Part of the reason that some classical liberals feel so out of place in politics is that politics’ subject matter has changed. The purely economic language used to argue for small governments no longer resonates. Economic policy debates are no longer about liberal tinkering in largely free markets. Today, they are about the viability and desirability of liberalism itself. 

“Libertarians agree with everyone about something,” we used to say, when liberalism was split down the middle. From this, I surmise that classical liberals should already know we have allies on the political left. We just have to stop lamenting the willingness of those potential allies to act politically and join them—to stop acting as though we’re above the vulgar political fray and take our own side. The world we’re in now demands that liberals step into politics. 

In the same talk where Levy argued for a reunited liberalism in 2008, he said that when left and right liberals reunite in common cause, “they, as well as we, should be prepared to be changed or transformed by the alliance,” (35:06). And indeed, we must be prepared for this, in part as a corrective for how we were changed by fusionism. 

Neither side of the one-time liberal divide can claim straightforward vindication from the mess we’re in. Both sides can lay claim to prescience on some issues and dangers that old alliances downplayed. Classical liberal concerns about executive impunity, mass incarceration, and the danger of centralizing power have been vindicated. So have left liberal concerns about racist attacks on civil rights, feminism, and queer liberation; and the deadly seriousness of the anti-abortion movement. Bridging the gaps that let liberals talk past each other on these issues will leave both sides stronger. 

Classical liberals need the humility to join the political battles we used to frame as though they could be done away with. But we should also believe that we have something to add. Classical liberals who used to feel at home on the right were jettisoned from their onetime alliance precisely because their influence in that alliance constrained the power-hungry and reactionary—the illiberal—forces that are seizing power on the political right around the world.

In the cultural battles classical liberals too often formerly shied away from, about civil rights, queer rights, access to gender and reproductive healthcare, and free movement, our inclinations against government interference compel us to take the side that needs defending, with vulnerable people and against the state power we’ve spent so long opposing. We can learn from the liberals who never gave up on the political side of those fights, because now they have to be fought explicitly. 

Where using government power is urged in pursuit of emancipation, those urging it should not forget the classical liberal insistence that state power, once constituted, can be turned to illiberal purposes. Where inaction would entrench power dangerous to both individuals and liberalism, as it has in areas ranging from municipal zoning to immigration policy, that should not be forgotten, either. Liberalism is a striving and emancipatory idea because of the tensions that once split it.
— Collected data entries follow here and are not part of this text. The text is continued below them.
(* On [H]-rows, [bound] solves [B (m.+1) = lam * B m + b * th ^+ m], [B 0 = 1]:
   the [H]-block grows like [lam ^+ m] and is fed by the other rows, which
   decay like [th ^+ m]. *)
Let bound m p := if H p then (D + 1) * lam ^+ m - D * th ^+ m else th ^+ m.

Let lam_ge0 : 0 <= lam. Proof. exact: le_trans th_ge0 (ltW th_lt_lam). Qed.

Let D_ge0 : 0 <= D. Proof. by rewrite divr_ge0 // subr_ge0 ltW. Qed.

Let bound_ge0 m p : 0 <= bound m p.
Proof.
rewrite /bound; case: (H p); last exact: exprn_ge0.
have : th ^+ m <= lam ^+ m by rewrite lerXn2r // ?nnegrE ltW.
have := exprn_ge0 m th_ge0; have := D_ge0; nra.
Qed.

Let bound_le m p : bound m p <= (D + 1) * lam ^+ m.
Proof.
rewrite /bound; case: (H p); first by rewrite gerBl mulr_ge0 ?exprn_ge0.
have : th ^+ m <= lam ^+ m by rewrite lerXn2r // ?nnegrE ltW.
have := exprn_ge0 m lam_ge0; have := D_ge0; nra.
Qed.

Let weighted_rowsum_prod_bound m (f : 'I_m -> I) p :
  \sum_q cabs ((\prod_l A (f l)) p q) * w q <= bound m p * w p.
Proof.
elim: m f p => [|m IH] f p.
  rewrite big_ord0 -idmxE (bigD1 p) //= mxE eqxx cabs_nat mul1r big1 ?addr0 => [|q qp].
    by rewrite /bound; case: (H p); rewrite !expr0 ?mul1r // !mulr1 (addrC D) addrK mul1r.
  by rewrite mxE eq_sym (negbTE qp) cabs0 mul0r.
rewrite (big_ord_recl m); apply: le_trans (weighted_rowsum_mul _ _ _) _.
set r := f ord0; have {}IH := IH (fun l => f (lift ord0 l)).
have tail_le (P : pred 'I_n.+1) (c : R) : (forall s, P s -> bound m s <= c) ->
    \sum_(s | P s) cabs (A r p s) * (\sum_q cabs ((\prod_l A (f (lift ord0 l))) s q) * w q)
    <= c * \sum_(s | P s) cabs (A r p s) * w s.
  move=> le_c; rewrite mulr_sumr; apply: ler_sum => s Ps.
  rewrite mulrCA ler_wpM2l ?cabs_ge0 //; apply: le_trans (IH s) _.
  by rewrite ler_wpM2r ?le_c.
case Hp: (H p).
- have [Hrow Lrow] := high_rows r p Hp; rewrite (bigID H) /=.
  have bound_p := bound_ge0 m p; rewrite /bound Hp in bound_p *.
  apply: le_trans (lerD (tail_le _ ((D + 1) * lam ^+ m - D * th ^+ m) _)
                        (tail_le _ (th ^+ m) _)) _.
  + by move=> s Hs; rewrite /bound Hs.
  + by move=> s /negbTE Hs; rewrite /bound Hs.
  apply: le_trans (lerD (ler_wpM2l bound_p Hrow)
                        (ler_wpM2l (exprn_ge0 m th_ge0) Lrow)) _.
  have DE : D * (lam - th) = b by rewrite /D divfK // subr_eq0 gt_eqF.
  by rewrite -DE !exprS le_eqVlt; apply/orP; left; apply/eqP; ring.
- have [Lrow zeroH] := low_rows r p (negbT Hp).
  rewrite [leLHS](bigID H) /= big1 ?add0r => [|s Hs]; last by rewrite zeroH ?cabs0 ?mul0r.
  apply: le_trans (tail_le _ (th ^+ m) _) _; first by move=> s /negbTE Hs; rewrite /bound Hs.
  rewrite /bound Hp exprSr -mulrA ler_wpM2l ?exprn_ge0 //.
  by apply: le_trans Lrow; apply: ler_sum_subset => // q; rewrite mulr_ge0 ?cabs_ge0.
Qed.

Lemma weighted_rowsum_prod_le m (f : 'I_m -> I) p :
  \sum_q cabs ((\prod_l A (f l)) p q) * w q <= (D + 1) * lam ^+ m * w p.
Proof.
by apply: le_trans (weighted_rowsum_prod_bound _ f p) _; rewrite ler_wpM2r ?bound_le.
Qed.

End WeightedRowSums.

Lemma exists_offdiag_weights {R : realType} {I : finType} {n}
    (A : I -> 'M[R[i]]_n.+1) (e : R) :
  (forall r, upper_triangular (A r)) -> 0 < e ->
  exists2 w : 'I_n.+1 -> R, (forall p, 1 <= w p) &
    forall r p, \sum_(q | q != p) cabs (A r p q) * w q <= e * w p.
Proof.
move=> uA e_gt0; pose S := \sum_r \sum_p \sum_q cabs (A r p q).
have row_le r p : \sum_q cabs (A r p q) <= S.
  apply: le_trans (ler_sum_term (fun p => \sum_q cabs (A r p q)) p _) _.
    by move=> p'; apply: sumr_ge0 => q _; exact: cabs_ge0.
  apply: (ler_sum_term (fun r => \sum_p \sum_q cabs (A r p q))) => r'.
  by do 2!(apply: sumr_ge0 => ? _); exact: cabs_ge0.
have S_ge0 : 0 <= S by do 3!(apply: sumr_ge0 => ? _); exact: cabs_ge0.
pose K := S / e + 1.
have K_ge1 : 1 <= K by rewrite lerDr divr_ge0 // ltW.
have K_gt0 : 0 < K := lt_le_trans ltr01 K_ge1.
(* With [w p = K ^+ (n - p)], entries right of the diagonal are damped by the
   factor [K], which beats the row sums (at most [S]) once [K > S / e]. *)
exists (fun p => K ^+ (n - p)) => [p|r p]; first exact: exprn_ege1.
have later_le q : q != p ->
    cabs (A r p q) * K ^+ (n - q) <= cabs (A r p q) * (K ^+ (n - p) / K).
  move=> qp; have [lt_qp|le_pq] := ltnP q p; first by rewrite uA // cabs0 !mul0r.
  have lt_pq : (p < q)%N by rewrite ltn_neqAle eq_sym qp.
  rewrite ler_wpM2l ?cabs_ge0 // ler_pdivlMr // -exprSr ler_weXn2l //.
  by have := ltn_ord q; lia.
apply: le_trans (ler_sum _ later_le) _; rewrite -mulr_suml.
have offdiag_le : \sum_(q | q != p) cabs (A r p q) <= S.
  by apply: le_trans (row_le r p); apply: ler_sum_subset => // q; exact: cabs_ge0.
apply: le_trans (ler_wpM2r _ offdiag_le) _; first by rewrite divr_ge0 ?exprn_ge0 ?ltW.
rewrite mulrCA [e * _]mulrC ler_wpM2l ?exprn_ge0 // ltW // ltr_pdivrMr // /K.
by rewrite mulrDr mulr1 mulrCA divff ?gt_eqF // mulr1 ltrDl.
Qed.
Far from being a weakness, balancing these considerations can lead to better solutions and discourage complacency. 

Each half of liberalism might not coherently stand alone, but together they form a vital and complete political philosophy. Liberals were never that far apart. We just took our agreements for granted.

Liberals of all sorts are already uniting around issues like the desirability of global trade, the right to bodily autonomy, the importance of the rule of law and its restraints on power, police militarization, criminal justice abuses, surveillance, American military impunity, and executive power. A broader coalition is already coming together around these agreements. Classical liberals need only join it. 

Liberalism has inspired revolutions, movements, and heroes. People put their lives on the line for freedom, even for the freedom of people different from themselves. Liberalism didn’t win by shaking off half of its commitments. It won when it treated liberalism as a coherent set of ideas aimed at human liberation.

Liberalism can fight back. We need to fight back. And so it’s to a reunited liberalism that we have to turn.